A thought provoking post from the Nutrtion Society Blog detailing how plant based diets are linked with improved health outcomes not only due to the micronutrients they contain but also to the phytochemicals. Much research has been conducted on these compounds but the exact mecahnisms are still not fully understood. Over 100 have been identified, some of which act as antioxidants, hormone stabilisers and immune system boosters leading to the hypothesis that they may be protective against certain cancers and other chronic disease. Lets have a look at some of the more well known phytochemicals and how they work....

GLUCOSINOLATES

These biology active compounds are said to potentially reduce the risk of lung, stomach, and colorectal cancer as they help the liver detoxify. The highest sources are found in tenderstem broccoli, brussel sprouts and other green cruciferous vegetables.

ALLIUMS

Found in garlic and onions this phytochemical is said to protect against cancer and heart disease as it is able to block the conversion of nitrates (found in many preserved foods) into cancer causing nitrosamines, mop up cancer causing free radicals and lower cholesterol.

BIOFLAVONOIDS

Found in buckwheat, berries, citrus fruit and grapes this beneficial compound is antibacterial, acts as an antioxidant, and binds to toxic materials, escorting them out of the body.

LENTINAN

This is the phytochemical that gives shiitake mushrooms their cancer preventing reputation due to it's anti-tumour properties. They actually use it in Japan to treat cancer.

PHYTOSTEROLS

These naturally occuring substances have received a lot of press for their cholesterol lowering abilities and have now been added to foods such as margarine to make them so called 'functional foods'. They work by inhibiting the absorption of cholesterol from the intestine. The best sources are beans and pulses, seeds, and seed oils.
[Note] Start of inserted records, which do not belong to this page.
(* Let $\tau\in(0,1]$ and suppose $k\,\alpha^{(2-\tau)d}\ge 2$. Let $u,v\in V$ be distinct with $|\Gamma(u)\cap\Gamma(v)|\ge\tau d$. Then, under the Fast-Filter model described in the context, with probability at least $1/2$ there exists $i\in[k]$ with $u\in S_i$ and $v\in S_i$.
   Context: Let $G=(U,V,E)$ be a bipartite graph with $|U|=M$ and $|V|=N$. For $v\in V$ let $\Gamma(v)\subseteq U$ be its set of neighbours, and assume $|\Gamma(v)|=d\ge 1$ for every $v\in V$. Let $k=2^{m}$ and $\alpha=2^{-r}$, where $m,r$ are positive integers. Identify $[k]=\{1,\dots,k\}$ bijectively with the vector space $\mathrm{GF}(2)^m$ (for instance via the binary representation of $i-1$). Fast-Filter model: for each $u\in U$, independently draw a uniformly random matrix $A'_u\in\mathrm{GF}(2)^{r\times m}$ and a uniformly random vector $b'_u\in\mathrm{GF}(2)^{r}$; all of these are mutually independent. For $v\in V$, let $A^v$ be the $(dr)\times m$ matrix obtained by stacking the matrices $A'_u$, $u\in\Gamma(v)$, in a fixed order, and let $b^v\in\mathrm{GF}(2)^{dr}$ be obtained by stacking the $b'_u$, $u\in\Gamma(v)$, in the same order. For $i\in[k]$ (viewed as a vector in $\mathrm{GF}(2)^m$), the survival set is $S_i=\{v\in V: A^v i+b^v=0\}$, with arithmetic over $\mathrm{GF}(2)$. *)

From Stdlib Require Import Reals.
From HB Require Import structures.
From mathcomp Require Import all_boot all_algebra.
Set Implicit Arguments. Unset Strict Implicit. Unset Printing Implicit Defensive.

(* An outcome of the Fast-Filter randomness: for each u in U, a matrix
   A'_u in GF(2)^{r x m} and a vector b'_u in GF(2)^r.  The uniform,
   independent draw is the uniform distribution on this finite type. *)
Definition outcome (U : finType) (r m : nat) : finType :=
  {ffun U -> 'M['F_2]_(r, m) * 'cV['F_2]_r}.

(* x in S_i : A^x i + b^x = 0, where A^x, b^x stack the blocks A'_y, b'_y
   for y in Gam x; the stacked system vanishes iff every block vanishes. *)
Definition survives (U V : finType) (Gam : V -> {set U}) (r m : nat)
  (w : outcome U r m) (i : 'cV['F_2]_m) (x : V) : bool :=
  [forall y in Gam x, (((w y).1 *m i + (w y).2) == 0)%R].

(* The event: some i in [k] = GF(2)^m with u in S_i and v in S_i. *)
Definition collide (U V : finType) (Gam : V -> {set U}) (r m : nat) (u v : V)
  : {set outcome U r m} :=
  [set w : outcome U r m | [exists i : 'cV['F_2]_m,
      survives Gam w i u && survives Gam w i v]].

Definition prob (T : finType) (E : {set T}) : R :=
  Rdiv (INR #|E|) (INR #|T|).

(* For each y, the block (A'_y, b'_y) solves A'_y i + b'_y = 0 for a
   fraction 2^-r of the blocks, and for i <> j it solves both equations for a
   fraction 2^-2r, because A'_y (i - j) is uniformly distributed. Hence with
   S = Gam u :|: Gam v, |S| = D <= (2 - tau) d and M = 2^(rD), the number X of
   i with u, v in S_i satisfies E[X] = k/M and E[X^2] <= k/M + (k/M)^2.
   Summing (k - M X)^2 >= 0 over the outcomes with X > 0 (second-moment
   method) yields P(X > 0) >= 1 - M/k, and since D <= (2 - tau) d the hypothesis
   forces k >= 2M. *)

From Stdlib Require Import Reals Lra.
From mathcomp Require Import all_boot all_algebra zify.
Set Implicit Arguments. Unset Strict Implicit. Unset Printing Implicit Defensive.
Import GRing.Theory.

Lemma card_cV (F : finType) n : #|{: 'cV[F]_n}| = #|F| ^ n.
Proof. by rewrite card_mx muln1. Qed.

Section AffineBlocks.
Variables (F : finFieldType) (r m : nat).

Lemma card_mulmx_eq (x : 'cV[F]_m) (c : 'cV[F]_r) : x != 0%R ->
  #|[set A : 'M[F]_(r, m) | (A *m x == c)%R]| =
  #|[set A : 'M[F]_(r, m) | (A *m x == 0)%R]|.
Proof.
move=> nz_x.
have [t xt_neq0] : exists t, x t ord0 != 0%R.
  apply/existsP; apply: contraR nz_x => /existsPn x0.
  by apply/eqP/matrixP => a b; rewrite ord1 mxE; apply/eqP/negPn/x0.
pose A0 := ((x t ord0)^-1 *: (c *m delta_mx 0 t))%R.
have A0x : (A0 *m x = c)%R.
  have rowx : row t x = ((x t ord0)%:M)%R.
    by apply/matrixP => a b; rewrite !ord1 !mxE.
  by rewrite -scalemxAl -mulmxA -rowE rowx mul_mx_scalar scalerA mulVf ?scale1r.
symmetry; rewrite -(card_imset _ (@addIr _ A0)); apply: eq_card => A.
apply/imsetP/idP => [[B] | ].
  by rewrite !inE => /eqP Bx ->; rewrite mulmxDl Bx A0x add0r.
rewrite inE => /eqP Ac; exists (A - A0)%R; last by rewrite subrK.
by rewrite inE mulmxBl Ac A0x subrr.
Qed.

Lemma card_mulmx_eq0 (x : 'cV[F]_m) : x != 0%R ->
  #|[set A : 'M[F]_(r, m) | (A *m x == 0)%R]| * #|F| ^ r = #|F| ^ (r * m).
Proof.
move=> nz_x; rewrite -(card_mx F r m) -[RHS]sum1_card.
rewrite (partition_big (fun A => (A *m x)%R) xpredT) //=.
rewrite -card_cV mulnC -sum_nat_const.
by apply: eq_bigr => c _; rewrite sum1dep_card (card_mulmx_eq c nz_x).
Qed.

Definition affine_zero (i : 'cV[F]_m) (p : 'M[F]_(r, m) * 'cV[F]_r) : bool :=
  (p.1 *m i + p.2 == 0)%R.

Lemma affine_zeroE i p : affine_zero i p = (p.2 == - (p.1 *m i))%R.
Proof. by rewrite /affine_zero addrC addr_eq0. Qed.

Lemma card_affine_zero i :
  #|[set p | affine_zero i p]| = #|F| ^ (r * m).
Proof.
have inj : injective (fun A : 'M[F]_(r, m) => (A, - (A *m i))%R) by move=> A B [].
rewrite -card_mx -cardsT -(card_imset _ inj); apply: eq_card => -[A b].
rewrite !inE affine_zeroE /=; apply/eqP/imsetP => [-> | [B _ [-> ->]]] //.
by exists A.
Qed.

Lemma card_affine_zero2 i j : i != j ->
  #|[set p | affine_zero i p && affine_zero j p]| * #|F| ^ r = #|F| ^ (r * m).
Proof.
rewrite -subr_eq0 => /card_mulmx_eq0 <-; congr (_ * _).
have inj : injective (fun A : 'M[F]_(r, m) => (A, - (A *m i))%R) by move=> A B [].
rewrite -(card_imset _ inj); apply: eq_card => -[A b].
rewrite !inE !affine_zeroE /=.
apply/andP/imsetP => [[/eqP -> /eqP e] | [B]].
  by exists A => //; rewrite inE mulmxBr subr_eq0 -eqr_opp -e.
by rewrite inE mulmxBr subr_eq0 => /eqP e [-> ->]; rewrite e.
Qed.

End AffineBlocks.

Lemma card_ffun_onS (U T : finType) (S : {set U}) (A : {set T}) :
  #|[set w : {ffun U -> T} | [forall y in S, w y \in A]]| =
  #|A| ^ #|S| * #|T| ^ #|~: S|.
Proof.
pose B y : pred T := if y \in S then [pred t | t \in A] else predT.
have -> : #|[set w : {ffun U -> T} | [forall y in S, w y \in A]]| =
    #|(family B : simpl_pred {ffun U -> T})|.
  apply: eq_card => w; rewrite inE unfold_in /=.
  apply: eq_forallb => y; rewrite /B; case: (y \in S) => //=.
rewrite card_family foldrE big_map big_enum (bigID (mem S)) /=.
rewrite -!prod_nat_const; congr (_ * _).
  by apply: eq_bigr => y yS; rewrite /B yS.
rewrite [RHS](eq_bigl (fun y => y \notin S)) => [|y]; last by rewrite inE.
by apply: eq_bigr => y /negbTE yS; rewrite /B yS; apply: eq_card.
Qed.

Lemma sum_card_exchange (I J : finType) (P : I -> J -> bool) :
  \sum_i #|[set j | P i j]| = \sum_j #|[set i | P i j]|.
Proof.
under eq_bigr do rewrite -sum1dep_card big_mkcond.
rewrite exchange_big; apply: eq_bigr => j _.
by rewrite -sum1dep_card [RHS]big_mkcond.
Qed.

Lemma sum_second_moment (T : finType) (X : T -> nat) (a b : nat) :
  2 * (a * b * \sum_w X w) <=
  a ^ 2 * #|[set w | 0 < X w]| + b ^ 2 * \sum_w X w ^ 2.
Proof.
rewrite -sum1dep_card !big_distrr /= [X in _ <= X + _]big_mkcond -big_split /=.
apply: leq_sum => w _; case: (posnP (X w)) => [-> | Xpos]; first by rewrite !muln0.
rewrite muln1 -expnMn -mulnA; exact: (nat_Cauchy a (b * X w)).1.
Qed.

Lemma moments_bound (N Z S1 S2 k M : nat) : 0 < k -> 2 * M <= k ->
  M * S1 = k * N -> M * M * S2 <= k * M * N + k * k * N ->
  2 * (k * M * S1) <= k ^ 2 * Z + M ^ 2 * S2 -> N <= 2 * Z.
Proof.
move=> k_gt0 kM S1E S2le moment.
have : k * (k * N) <= k * (k * Z + M * N) by nia.
by rewrite leq_pmul2l //; nia.
Qed.

Section FastFilter.
Variables (F : finFieldType) (U : finType) (r m : nat) (S : {set U}).

Local Notation block := ('M[F]_(r, m) * 'cV[F]_r)%type.
Local Notation q := #|F|.
Local Notation M := (q ^ (r * #|S|)).
Local Notation N := #|{: {ffun U -> block}}|.

Definition survives_on (w : {ffun U -> block}) (i : 'cV[F]_m) : bool :=
  [forall y in S, affine_zero i (w y)].

Lemma card_block : #|{: block}| = q ^ (r * m) * q ^ r.
Proof. by rewrite card_prod !card_mx muln1. Qed.

Lemma card_survives_on_pair i j :
  #|[set w | survives_on w i && survives_on w j]| =
  #|[set p : block | affine_zero i p && affine_zero j p]| ^ #|S| *
  #|{: block}| ^ #|~: S|.
Proof.
rewrite -card_ffun_onS; apply: eq_card => w; rewrite !inE.
apply/andP/forallP => [[/forallP hi /forallP hj] y | h].
  by apply/implyP => yS; rewrite inE (implyP (hi y) yS) (implyP (hj y) yS).
by split; apply/forallP => y; apply/implyP => yS; have := implyP (h y) yS;
  rewrite inE => /andP[].
Qed.

Lemma card_survives_on_diag i :
  #|[set w | survives_on w i]| = #|[set w | survives_on w i && survives_on w i]|.
Proof. by apply: eq_card => w; rewrite !inE andbb. Qed.

Lemma card_survives_on i : M * #|[set w | survives_on w i]| = N.
Proof.
rewrite card_survives_on_diag card_survives_on_pair card_ffun.
rewrite -(cardsC S) expnD mulnA; congr (_ * _).
rewrite expnM -expnMn card_block [q ^ r * _]mulnC; congr ((_ * _) ^ _).
by rewrite -(card_affine_zero r i); apply: eq_card => p; rewrite !inE andbb.
Qed.

Lemma card_survives_on_neq i j : i != j ->
  M * #|[set w | survives_on w i && survives_on w j]| =
  #|[set w | survives_on w i]|.
Proof.
move=> neq_ij; rewrite card_survives_on_diag !card_survives_on_pair.
rewrite mulnA expnM -expnMn [#|F| ^ r * _]mulnC card_affine_zero2 //; congr (_ ^ _ * _).
by rewrite -(card_affine_zero r i); apply: eq_card => p; rewrite !inE andbb.
Qed.

Definition survivors (w : {ffun U -> block}) := [set i | survives_on w i].

Lemma sum_card_survivors :
  M * \sum_w #|survivors w| = q ^ m * N.
Proof.
rewrite sum_card_exchange big_distrr /=.
under eq_bigr do rewrite card_survives_on.
by rewrite sum_nat_const card_cV.
Qed.

Lemma sum_card_survivors_sqr :
  M * M * \sum_w #|survivors w| ^ 2 <= q ^ m * M * N + q ^ m * q ^ m * N.
Proof.
have -> : \sum_w #|survivors w| ^ 2 =
    \sum_i \sum_j #|[set w | survives_on w i && survives_on w j]|.
  under eq_bigr do rewrite -mulnn -cardsX.
  rewrite pair_big /= -(sum_card_exchange (fun w ij => survives_on w ij.1 && survives_on w ij.2)).
  by apply: eq_bigr => w _; apply: eq_card => -[i j]; rewrite !inE.
have -> : q ^ m * M * N + q ^ m * q ^ m * N = \sum_(i : 'cV[F]_m) (M * N + q ^ m * N).
  by rewrite sum_nat_const card_cV mulnDr !mulnA.
rewrite big_distrr /=.
apply: leq_sum => i _; rewrite big_distrr /= (bigD1 i) //=.
rewrite -card_survives_on_diag -mulnA card_survives_on leq_add2l.
apply: (@leq_trans (\sum_(j | j != i) N)).
  apply: leq_sum => j neq_ji.
  by rewrite -mulnA card_survives_on_neq 1?eq_sym // card_survives_on.
by rewrite sum_nat_const leq_mul2r -card_cV max_card orbT.
Qed.

Lemma card_exists_survivor : 2 * M <= q ^ m ->
  N <= 2 * #|[set w | [exists i, survives_on w i]]|.
Proof.
move=> gap.
have <- : #|[set w | 0 < #|survivors w|]| = #|[set w | [exists i, survives_on w i]]|.
  apply: eq_card => w; rewrite !inE card_gt0 /survivors.
  by apply/set0Pn/existsP => -[i iP]; exists i; move: iP; rewrite inE.
apply: (moments_bound _ gap sum_card_survivors sum_card_survivors_sqr
  (sum_second_moment _ _ _)).
by rewrite expn_gt0; apply/orP; left; apply/card_gt0P; exists 0%R.
Qed.

End FastFilter.

Lemma survives_setU (U V : finType) (Gam : V -> {set U}) (r m : nat) (u v : V)
  (w : outcome U r m) (i : 'cV['F_2]_m) :
  survives Gam w i u && survives Gam w i v =
  survives_on (Gam u :|: Gam v) w i.
Proof.
apply/andP/forallP => [[/forallP hu /forallP hv] y | h].
  by apply/implyP; rewrite inE => /orP [] yin; [move: (hu y) | move: (hv y)];
    rewrite yin.
by split; apply/forallP => y; apply/implyP => yin; have := h y;
  rewrite inE yin ?orbT.
Qed.

Local Open Scope R_scope.

Lemma INR_expn (n e : nat) : INR (n ^ e)%N = INR n ^ e.
Proof. by elim: e => [|e IH] //=; rewrite expnS -multE mult_INR IH. Qed.

Lemma Rpower_inv_le_inv_pow (P y : R) (D : nat) :
  1 <= P -> INR D <= y -> Rpower (/ P) y <= / P ^ D.
Proof.
move=> P_ge1 Dy.
have P_gt0 : 0 < P by lra.
rewrite -Rpower_pow // -Rpower_Ropp.
have -> : Rpower (/ P) y = Rpower P (- y).
  by rewrite /Rpower ln_Rinv //; congr exp; ring.
apply: Rle_Rpower => //; lra.
Qed.

Lemma leq_double_expn_of_Rpower (m r D : nat) (y : R) : INR D <= y ->
  INR (2 ^ m) * Rpower (/ INR (2 ^ r)) y >= 2 -> (2 * 2 ^ (r * D) <= 2 ^ m)%N.
Proof.
move=> Dy hk; apply/leP/INR_le; rewrite mult_INR.
have two_r_ge1 : 1 <= INR (2 ^ r) by apply: (le_INR 1); apply/leP; rewrite expn_gt0.
have pos : 0 < INR (2 ^ (r * D)) by apply: lt_0_INR; apply/ltP; rewrite expn_gt0.
have := Rpower_inv_le_inv_pow two_r_ge1 Dy.
rewrite -INR_expn -expnM => bound.
have : 2 <= INR (2 ^ m) * / INR (2 ^ (r * D)).
  apply: Rle_trans (Rge_le _ _ hk) _; apply: Rmult_le_compat_l bound.
  exact: pos_INR.
move=> /(Rmult_le_compat_r _ _ _ (Rlt_le _ _ pos)).
by rewrite Rmult_assoc Rinv_l ?Rmult_1_r //; lra.
Qed.

Lemma prob_ge_half (T : finType) (E : {set T}) :
  (0 < #|T|)%N -> (#|T| <= 2 * #|E|)%N -> prob E >= / 2.
Proof.
rewrite /prob; move: #|E| #|T| => e t /ltP/lt_0_INR t_gt0 /leP/le_INR.
rewrite mult_INR /= => half; apply: Rle_ge.
apply: (Rmult_le_reg_r (INR t)) => //.
rewrite /Rdiv Rmult_assoc Rinv_l; lra.
Qed.

Theorem mainTheorem4 (U V : finType) (Gam : V -> {set U}) (d m r : nat)
  (tau : R)
  (hd : (1 <= d)%N) (hm : (0 < m)%N) (hr : (0 < r)%N)
  (hdeg : forall x : V, #|Gam x| = d)
  (htau0 : 0 < tau) (htau1 : tau <= 1)
  (hk : INR (2 ^ m)%N * Rpower (/ INR (2 ^ r)%N) ((2 - tau) * INR d) >= 2)
  (u v : V) (huv : u <> v)
  (hcommon : INR #|Gam u :&: Gam v| >= tau * INR d) :
  prob (collide Gam r m u v) >= / 2.
Proof.
have hD : INR #|Gam u :|: Gam v| <= (2 - tau) * INR d.
  have := f_equal INR (cardsUI (Gam u) (Gam v)).
  rewrite !hdeg -!plusE !plus_INR; lra.
have gap := leq_double_expn_of_Rpower hD hk.
apply: prob_ge_half; first by apply/card_gt0P; exists [ffun => (0, 0)%R].
have -> : collide Gam r m u v =
    [set w | [exists i, survives_on (Gam u :|: Gam v) w i]].
  by apply/setP => w; rewrite !inE; apply: eq_existsb => i; apply: survives_setU.
by apply: card_exists_survivor; rewrite card_Fp.
Qed.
As I said there are over 100 phytochemicals that we know of so in order to take advantage of these health promoting compounds we should ensure they make up a significant proportion of our daily diet.

I like the acronym “GOMBBS” used by the American physician Joel Fuhrman. It stands for Greens, Onions, Mushrooms, Berries, Beans and Seeds. He describes it as a way to remember the most nutrient-dense, health-promoting foods on the planet and I have to agree that we would be getting a significant serving of these wonder compounds if we managed to include these foods in our daily diet. What do you think?